- Opening Delimiter -

(* Let $m\geqslant 8$ with $m\equiv 0\pmod 4$, $d=(m-2)/2$, and $f(x)=x^{m-1}$. For every $\alpha\in\mathbb F_{2^n}^*$, the polynomial $(L_\alpha f)'$ has exactly $(d-1)/2$ distinct double roots in $\overline{\mathbb F}_2$, namely $\tau_1,\dots,\tau_{(d-1)/2}$ given by $\tau_i=\frac{\alpha^2}{1+\theta_i}+\frac{\alpha^2}{1+\theta_i^2}$, where $\theta_1,\dots,\theta_{(d-1)/2}$ are $(d-1)/2$ distinct $d$-th roots of unity in $\overline{\mathbb F}_2\setminus\{1\}$ chosen such that $\theta_i\theta_j\neq 1$ for $i\neq j$.
   Context: $D_\alpha f(x)=f(x+\alpha)+f(x)$. For $m\equiv 0\pmod 4$, $d=(m-2)/2$ and $f$ of degree at most $m$, $L_\alpha f$ is the unique polynomial of degree at most $d$ such that $(L_\alpha f)(x(x+\alpha))=D_\alpha f(x)$. *)

From HB Require Import structures.
From mathcomp Require Import all_boot all_order all_algebra.
Set Implicit Arguments. Unset Strict Implicit. Unset Printing Implicit Defensive.
Import GRing.Theory.
Local Open Scope ring_scope.

Definition Dalpha (K : fieldType) (alpha : K) (f : {poly K}) : {poly K} :=
  f \Po ('X + alpha%:P) + f.

Definition is_Lalpha (K : fieldType) (d : nat) (alpha : K) (f g : {poly K}) : Prop :=
  (size g <= d.+1)%N /\ g \Po ('X * ('X + alpha%:P)) = Dalpha alpha f.

Definition tau_of (K : fieldType) (alpha theta : K) : K :=
  alpha ^+ 2 / (1 + theta) + alpha ^+ 2 / (1 + theta ^+ 2).

From HB Require Import structures.
From mathcomp Require Import all_boot all_order all_algebra.
From mathcomp Require Import ring zify.
Set Implicit Arguments.
Unset Strict Implicit.
Unset Printing Implicit Defensive.
Import GRing.Theory.
Local Open Scope ring_scope.

(* In characteristic 2 the substitution x -> x + alpha is an involution, and
   every polynomial it fixes is a polynomial in u = x (x + alpha); applied to
   D_alpha f this gives L_alpha f.  For f = x^(2d+1), differentiating
   g(u) = D_alpha f gives alpha g'(u) = ((x + alpha)^d + x^d)^2.  The polynomial
   (x + alpha)^d + x^d has degree at most d - 1 and the d - 1 distinct roots
   alpha / (1 + theta), theta^d = 1, theta <> 1; the roots for theta and
   theta^-1 differ by alpha, so they pair up into the factors u - tau(theta).
   Hence g' is a nonzero constant times (prod_i (X - tau_i))^2. *)

Lemma exprn_eq1_neq0 (R : nzRingType) (x : R) (n : nat) :
  (0 < n)%N -> x ^+ n = 1 -> x != 0.
Proof.
move=> n0 xn; apply/eqP => x0; move: xn; rewrite x0 expr0n eqn0Ngt n0 => /eqP.
by rewrite eq_sym oner_eq0.
Qed.

Lemma sqrrD_pchar2 (R : comNzRingType) (x y : R) :
  2%N \in [pchar R] -> (x + y) ^+ 2 = x ^+ 2 + y ^+ 2.
Proof. by move=> h2; rewrite sqrrD mulr2n addrr_pchar2 // addr0. Qed.

Lemma comp_poly_inj (R : idomainType) (q : {poly R}) :
  (1 < size q)%N -> injective (comp_poly q).
Proof.
move=> hq p1 p2 e; apply/eqP; rewrite -subr_eq0 -(comp_poly_eq0 _ hq).
by rewrite comp_polyB e subrr.
Qed.

Lemma all_roots_prod_XsubC_leq (F : fieldType) (p : {poly F}) (rs : seq F) :
  p != 0 -> (size p <= (size rs).+1)%N -> all (root p) rs -> uniq rs ->
  p = lead_coef p *: \prod_(z <- rs) ('X - z%:P).
Proof.
move=> p0 hs hroot hrs; apply: all_roots_prod_XsubC => //; last by rewrite uniq_rootsE.
by apply/eqP; rewrite eqn_leq hs (max_poly_roots p0 hroot hrs).
Qed.

Lemma mup_sqr_prod_XsubC (F : fieldType) (c x : F) (s : seq F) :
  c != 0 -> uniq s ->
  mup x (c%:P * (\prod_(y <- s) ('X - y%:P)) ^+ 2) = if x \in s then 2%N else 0%N.
Proof.
move=> c0 us; rewrite mupMr ?rootC // expr2 -big_cat mu_prod_XsubC count_cat.
by rewrite count_uniq_mem //; case: (x \in s).
Qed.

Section Char2.
Variables (K : fieldType) (hK : 2%N \in [pchar K]) (alpha : K).

Local Notation shift := ('X + alpha%:P).
Local Notation u := ('X * ('X + alpha%:P)).

Lemma add1r_eq0 (t : K) : (1 + t == 0) = (t == 1).
Proof. by rewrite addr_eq0 oppr_pchar2 // eq_sym. Qed.

Lemma pchar2_poly : 2%N \in [pchar {poly K}].
Proof. by rewrite pchar_poly. Qed.

Lemma shiftK : shift \Po shift = 'X.
Proof. by rewrite comp_polyD comp_polyX comp_polyC -addrA -polyCD addrr_pchar2 // addr0. Qed.

Lemma u_comp_shift : u \Po shift = u.
Proof. by rewrite comp_polyM shiftK comp_polyX mulrC. Qed.

Lemma size_u : size u = 3%N.
Proof. by rewrite size_mul ?size_polyX ?size_XaddC ?polyX_eq0 // -size_poly_eq0 size_XaddC. Qed.

Lemma deriv_u : u^`() = alpha%:P.
Proof. by rewrite derivM derivD derivC derivX addr0 mul1r mulr1 addrC addrA addrr_pchar2 ?pchar2_poly // add0r. Qed.

Lemma Dalpha_comp_shift (f : {poly K}) : Dalpha alpha f \Po shift = Dalpha alpha f.
Proof. by rewrite /Dalpha comp_polyD -comp_polyA shiftK comp_polyXr addrC. Qed.

Lemma size_Dalpha (f : {poly K}) : (size (Dalpha alpha f) <= size f)%N.
Proof.
by rewrite (leq_trans (size_polyD _ _)) // size_comp_poly2 ?size_XaddC // maxnn.
Qed.

Lemma XsubC_mul_shift (r : K) :
  ('X - r%:P) * ('X - (r + alpha)%:P) = ('X - (r * (r + alpha))%:P) \Po u.
Proof.
rewrite comp_polyB comp_polyX comp_polyC polyCM polyCD.
have two0 : 2%:R = 0 :> {poly K} by rewrite -polyC_natr (pcharf0 hK).
transitivity (u - r%:P * (r%:P + alpha%:P) +
              2%:R * (r%:P * (r%:P + alpha%:P) - (r%:P + alpha%:P) * 'X)).
  by ring.
by rewrite two0 mul0r addr0.
Qed.

Lemma mul_shift_eq (x y : K) :
  x * (x + alpha) = y * (y + alpha) -> y = x \/ y = x + alpha.
Proof.
move=> e; have : (y - x) * (y + x + alpha) = y * (y + alpha) - x * (x + alpha).
  by ring.
rewrite -e subrr => /eqP; rewrite mulf_eq0 subr_eq0 => /orP[/eqP|]; first by left.
by rewrite -addrA addr_eq0 oppr_pchar2 // => /eqP; right.
Qed.

Lemma deriv_Dalpha_odd_power (d : nat) :
  (Dalpha alpha 'X^(d.*2.+1))^`() = (shift ^+ d + 'X^d) ^+ 2.
Proof.
rewrite /Dalpha derivD deriv_comp derivXn derivD derivX derivC addr0 mulr1 /=.
rewrite mulrS -muln2 mulrnA mulr2n addrr_pchar2 ?pchar2_poly // addr0.
by rewrite comp_Xn_poly sqrrD_pchar2 ?pchar2_poly // -!exprM muln2.
Qed.

Lemma size_shift_exp_addXn (d : nat) : (size (shift ^+ d + 'X^d)%R <= d)%N.
Proof.
have monic_shift : shift ^+ d \is monic by rewrite monic_exp ?monicXaddC.
have size_shift : size (shift ^+ d) = d.+1.
  by rewrite polySpred ?monic_neq0 // size_exp size_XaddC mul1n.
apply/leq_sizeP => j; rewrite leq_eqVlt => /orP[/eqP<-|hj].
  have lead1 : (shift ^+ d)`_d = 1 by rewrite -(monicP monic_shift) lead_coefE size_shift.
  by rewrite coefD coefXn eqxx lead1 addrr_pchar2.
by rewrite coefD coefXn gtn_eqF // addr0 nth_default // size_shift.
Qed.

(* The roots of (X + alpha)^d + X^d are the [rho t] with [t ^+ d = 1] and [t != 1]. *)
Definition rho (t : K) : K := alpha / (1 + t).

Lemma rho_addr (t : K) : t != 1 -> rho t + alpha = t * rho t.
Proof.
move=> t1; transitivity (t * rho t + 2%:R * rho t).
  by rewrite /rho; field; rewrite add1r_eq0.
by rewrite (pcharf0 hK) mul0r addr0.
Qed.

Lemma rhoV (t : K) : t != 0 -> t != 1 -> rho t^-1 = rho t + alpha.
Proof.
move=> t0 t1; rewrite rho_addr // /rho; field.
by rewrite add1r_eq0 t1.
Qed.

Lemma tau_ofE (t : K) : t != 1 -> tau_of alpha t = rho t * (rho t + alpha).
Proof.
move=> t1; rewrite /tau_of /rho.
have -> : 1 + t ^+ 2 = (1 + t) ^+ 2.
  by rewrite sqrrD_pchar2 // expr1n.
by field; rewrite add1r_eq0.
Qed.

Lemma root_rho (d : nat) (t : K) :
  t ^+ d = 1 -> t != 1 -> root (shift ^+ d + 'X^d) (rho t).
Proof.
move=> td t1; rewrite /root !hornerE rho_addr // exprMn td mul1r.
by rewrite addrr_pchar2.
Qed.

Lemma prod_XsubC_rho (s : seq K) : 0 \notin s -> 1 \notin s ->
  \prod_(z <- [seq rho t | t <- s ++ map GRing.inv s]) ('X - z%:P) =
  (\prod_(t <- s) ('X - (tau_of alpha t)%:P)) \Po u.
Proof.
move=> s0 s1; rewrite map_cat big_cat /= !big_map -big_split rmorph_prod /=.
apply: eq_big_seq => t ts.
have t0 : t != 0 by apply: contraNneq s0 => <-.
have t1 : t != 1 by apply: contraNneq s1 => <-.
by rewrite rhoV // tau_ofE // XsubC_mul_shift.
Qed.

Section NonzeroShift.
Hypothesis alpha0 : alpha != 0.

Lemma shift_fixed_constant (r : {poly K}) :
  (size r <= 2)%N -> r \Po shift = r -> r = (r`_0)%:P.
Proof.
move=> hs hr; set a := r`_0; set b := r`_1.
have rE : r = a%:P + b%:P * 'X.
  apply/polyP => i; rewrite coefD coefC coefCM coefX.
  case: i => [|[|i]]; rewrite ?mulr0 ?mulr1 ?addr0 ?add0r //=.
  by rewrite nth_default // (leq_trans hs).
have : (r \Po shift).[0] = r.[0] by rewrite hr.
rewrite horner_comp rE !hornerE -[RHS]addr0 => /addrI /eqP.
by rewrite mulf_eq0 (negPf alpha0) orbF => /eqP ->; rewrite mul0r addr0.
Qed.

(* Divide by u: both quotient and remainder inherit the invariance, and the
   remainder, of degree at most one, is then constant. *)
Lemma shift_fixed_comp_u (p : {poly K}) :
  p \Po shift = p -> exists q, q \Po u = p.
Proof.
move: {2}(size p) (leqnn (size p)) => k; elim: k p => [|k IH] p hs hp.
  by exists 0; move: hs; rewrite leqn0 size_poly_eq0 comp_poly0 => /eqP->.
have u0 : u != 0 by rewrite -size_poly_eq0 size_u.
have hdiv := divp_eq p u; set q0 := p %/ u in hdiv; set r := p %% u in hdiv.
have hr : (size r < size u)%N by rewrite ltn_modp.
have hrs : (size (r \Po shift) < size u)%N by rewrite size_comp_poly2 ?size_XaddC.
have e : p = (q0 \Po shift) * u + (r \Po shift).
  by rewrite -[LHS]hp [in LHS]hdiv comp_polyD comp_polyM u_comp_shift.
have hq0 : q0 \Po shift = q0 by rewrite /q0 {2}e divp_addl_mul_small.
have hr0 : r \Po shift = r by rewrite /r {2}e modp_addl_mul_small.
have [q hq] : exists q, q \Po u = q0.
  apply: IH hq0; rewrite /q0 size_divp // size_u.
  by move: hs; case: (size p) => //= s; lia.
exists (q * 'X + (r`_0)%:P).
rewrite comp_polyD comp_polyM comp_polyX comp_polyC hq -shift_fixed_constant //.
by rewrite -ltnS -size_u.
Qed.

Lemma Lalpha_exists (d : nat) (f : {poly K}) :
  (size f <= d.*2.+2)%N -> exists g, is_Lalpha d alpha f g.
Proof.
move=> hf; have [g hg] := shift_fixed_comp_u (Dalpha_comp_shift f).
exists g; split=> //; have [->|g0] := eqVneq g 0; first by rewrite size_poly0.
have := leq_trans (size_Dalpha f) hf.
rewrite -hg polySpred ?comp_poly_eq0 ?size_u // size_comp_poly size_u.
by move: g0; rewrite -size_poly_gt0 /= -muln2; set s := size g; lia.
Qed.

Lemma rho_inj : {in predC1 1 &, injective rho}.
Proof.
move=> a b; rewrite !inE => a1 b1 /eqP.
by rewrite /rho eqr_div ?add1r_eq0 // => /eqP /(mulfI alpha0) /addrI.
Qed.

Lemma tau_of_inj (a b : K) : a != 0 -> a != 1 -> b != 1 ->
  tau_of alpha a = tau_of alpha b -> b = a \/ b = a^-1.
Proof.
move=> a0 a1 b1; rewrite !tau_ofE // => /mul_shift_eq[] e; [left | right];
  by apply: rho_inj; rewrite ?inE ?invr_eq1 // e ?rhoV.
Qed.

Lemma shift_exp_addXn_prod (d : nat) (s : seq K) :
  (0 < d)%N -> (size s).*2 = d.-1 -> {in s, forall t, t ^+ d = 1} ->
  1 \notin s -> uniq s -> {in s &, forall a b, a * b != 1} ->
  exists2 c, c != 0 &
    shift ^+ d + 'X^d = c *: (\prod_(t <- s) ('X - (tau_of alpha t)%:P)) \Po u.
Proof.
move=> d0 size_s sd s1 us sV.
have s0 : 0 \notin s.
  by apply/negP => /sd /(exprn_eq1_neq0 d0); rewrite eqxx.
set ts := s ++ map GRing.inv s.
have tsd : {in ts, forall t, t ^+ d = 1}.
  by move=> t; rewrite mem_cat => /orP[/sd // | /mapP[a /sd ad ->]]; rewrite exprVn ad invr1.
have ts1 : {in ts, forall t, t != 1}.
  move=> t; rewrite mem_cat => /orP[ht|/mapP[a ha ->]]; rewrite ?invr_eq1;
  by apply: contraNneq s1 => <-.
have uts : uniq ts.
  rewrite cat_uniq us (map_inj_uniq invr_inj) us andbT /=.
  apply/hasPn => _ /mapP[a ha ->]; apply/negP => haV.
  by have := sV _ _ haV ha; rewrite mulVf ?eqxx //; apply: contraNneq s0 => <-.
set P := shift ^+ d + 'X^d.
have P0 : P != 0.
  apply: contraNneq (_ : P.[0] != 0) => [->|]; first by rewrite horner0 eqxx.
  by rewrite !hornerE expr0n eqn0Ngt d0 addr0 expf_neq0.
have rs_root : all (root P) [seq rho t | t <- ts].
  by apply/allP => _ /mapP[t ht ->]; apply: root_rho; [apply: tsd | apply: ts1].
have rs_uniq : uniq [seq rho t | t <- ts].
  by rewrite (map_inj_in_uniq _) // => a b ha hb; apply: rho_inj; rewrite inE ?ts1.
have size_P : (size P <= (size [seq rho t | t <- ts]).+1)%N.
  by rewrite size_map size_cat size_map addnn size_s prednK // size_shift_exp_addXn.
exists (lead_coef P); first by rewrite lead_coef_eq0.
by rewrite comp_polyZ -prod_XsubC_rho //; apply: all_roots_prod_XsubC_leq.
Qed.

Lemma deriv_Lalpha_odd_power (d : nat) (g : {poly K}) (s : seq K) :
  g \Po u = Dalpha alpha 'X^(d.*2.+1) ->
  (0 < d)%N -> (size s).*2 = d.-1 -> {in s, forall t, t ^+ d = 1} ->
  1 \notin s -> uniq s -> {in s &, forall a b, a * b != 1} ->
  exists2 c, c != 0 &
    g^`() = c%:P * (\prod_(t <- s) ('X - (tau_of alpha t)%:P)) ^+ 2.
Proof.
move=> hg d0 size_s sd s1 us sV.
have [c c0 hP] := shift_exp_addXn_prod d0 size_s sd s1 us sV.
set Q := \prod_(t <- s) _ in hP *.
exists (c ^+ 2 / alpha); first by rewrite mulf_neq0 ?expf_neq0 ?invr_eq0.
have alphaP0 : alpha%:P != 0 by rewrite polyC_eq0.
have := congr1 deriv hg; rewrite deriv_comp deriv_u deriv_Dalpha_odd_power hP.
have -> : ((c *: Q) \Po u) ^+ 2 = ((c ^+ 2 / alpha)%:P * Q ^+ 2 * alpha%:P) \Po u.
  by rewrite mulrAC -polyCM mulfVK // mul_polyC -exprZn rmorphXn.
rewrite comp_polyM comp_polyC => /(mulIf alphaP0).
by apply: comp_poly_inj; rewrite size_u.
Qed.

End NonzeroShift.

End Char2.

Theorem lemma2p5 (K : closedFieldType) (hK : 2%N \in [pchar K])
  (m n : nat) (hm8 : (8 <= m)%N) (hm4 : (m %% 4 = 0)%N) (hn : (0 < n)%N)
  (alpha : K) (halpha_in : alpha ^+ (2 ^ n) = alpha) (halpha0 : alpha != 0) :
  let d := ((m - 2) %/ 2)%N in
  let f : {poly K} := 'X^(m - 1) in
  (exists g : {poly K}, is_Lalpha d alpha f g) /\
  forall g : {poly K}, is_Lalpha d alpha f g ->
  forall theta : 'I_((d - 1) %/ 2) -> K,
    (forall i, theta i ^+ d = 1) ->
    (forall i, theta i != 1) ->
    injective theta ->
    (forall i j, i != j -> theta i * theta j != 1) ->
    injective (fun i => tau_of alpha (theta i)) /\
    (forall x : K, mup x g^`() = 2%N <-> exists i, x = tau_of alpha (theta i)).
Proof.
move=> d f; have d0 : (0 < d)%N by rewrite /d; lia.
have hf : (m - 1 = d.*2.+1)%N by rewrite /d -muln2; lia.
split; first by apply: Lalpha_exists; rewrite // size_polyXn hf.
move=> g [_ hg] theta thetad theta1 theta_inj thetaV; rewrite /f hf in hg.
set s := [seq theta i | i <- enum 'I_((d - 1) %/ 2)].
have size_s : (size s).*2 = d.-1 by rewrite size_map size_enum_ord -muln2 /d; lia.
have sd : {in s, forall t, t ^+ d = 1} by move=> _ /mapP[i _ ->].
have theta0 i : theta i != 0 := exprn_eq1_neq0 d0 (thetad i).
have s1 : 1 \notin s by apply/mapP => -[i _ /esym]; apply/eqP.
have sV : {in s &, forall a b, a * b != 1}.
  move=> _ _ /mapP[i _ ->] /mapP[j _ ->]; have [<-|/thetaV //] := eqVneq i j.
  by rewrite -expr2 sqrf_eq1 oppr_pchar2 // orbb.
have us : uniq s by rewrite map_inj_uniq ?enum_uniq.
have [c c0 ->] := deriv_Lalpha_odd_power hK halpha0 hg d0 size_s sd s1 us sV.
have tau_inj : injective (fun i => tau_of alpha (theta i)).
  move=> i j /(tau_of_inj hK halpha0 (theta0 i) (theta1 i) (theta1 j)).
  case=> [/theta_inj -> // | e]; have [// | /thetaV] := eqVneq i j.
  by rewrite e mulfV ?theta0 ?eqxx.
have uts : uniq [seq tau_of alpha t | t <- s].
  by rewrite -map_comp (map_inj_uniq tau_inj) enum_uniq.
split=> // x; rewrite -(big_map _ xpredT (fun z => 'X - z%:P)) mup_sqr_prod_XsubC //.
split=> [| [i ->]]; first by case: ifP => // /mapP[_ /mapP[i _ ->] ->]; exists i.
by rewrite map_f ?map_f ?mem_enum.
Qed.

- Closing Delimiter -

WORK TASK:
Please, from the material above, copy only the lines from the line with "have : (r \Po" up to and including the line with "have u0 : u", exactly as written.

ANSWER BOX:
have : (r \Po shift).[0] = r.[0] by rewrite hr.
rewrite horner_comp rE !hornerE -[RHS]addr0 => /addrI /eqP.
by rewrite mulf_eq0 (negPf alpha0) orbF => /eqP ->; rewrite mul0r addr0.
Qed.

(* Divide by u: both quotient and remainder inherit the invariance, and the
   remainder, of degree at most one, is then constant. *)
Lemma shift_fixed_comp_u (p : {poly K}) :
  p \Po shift = p -> exists q, q \Po u = p.
Proof.
move: {2}(size p) (leqnn (size p)) => k; elim: k p => [|k IH] p hs hp.
  by exists 0; move: hs; rewrite leqn0 size_poly_eq0 comp_poly0 => /eqP->.
have u0 : u != 0 by rewrite -size_poly_eq0 size_u.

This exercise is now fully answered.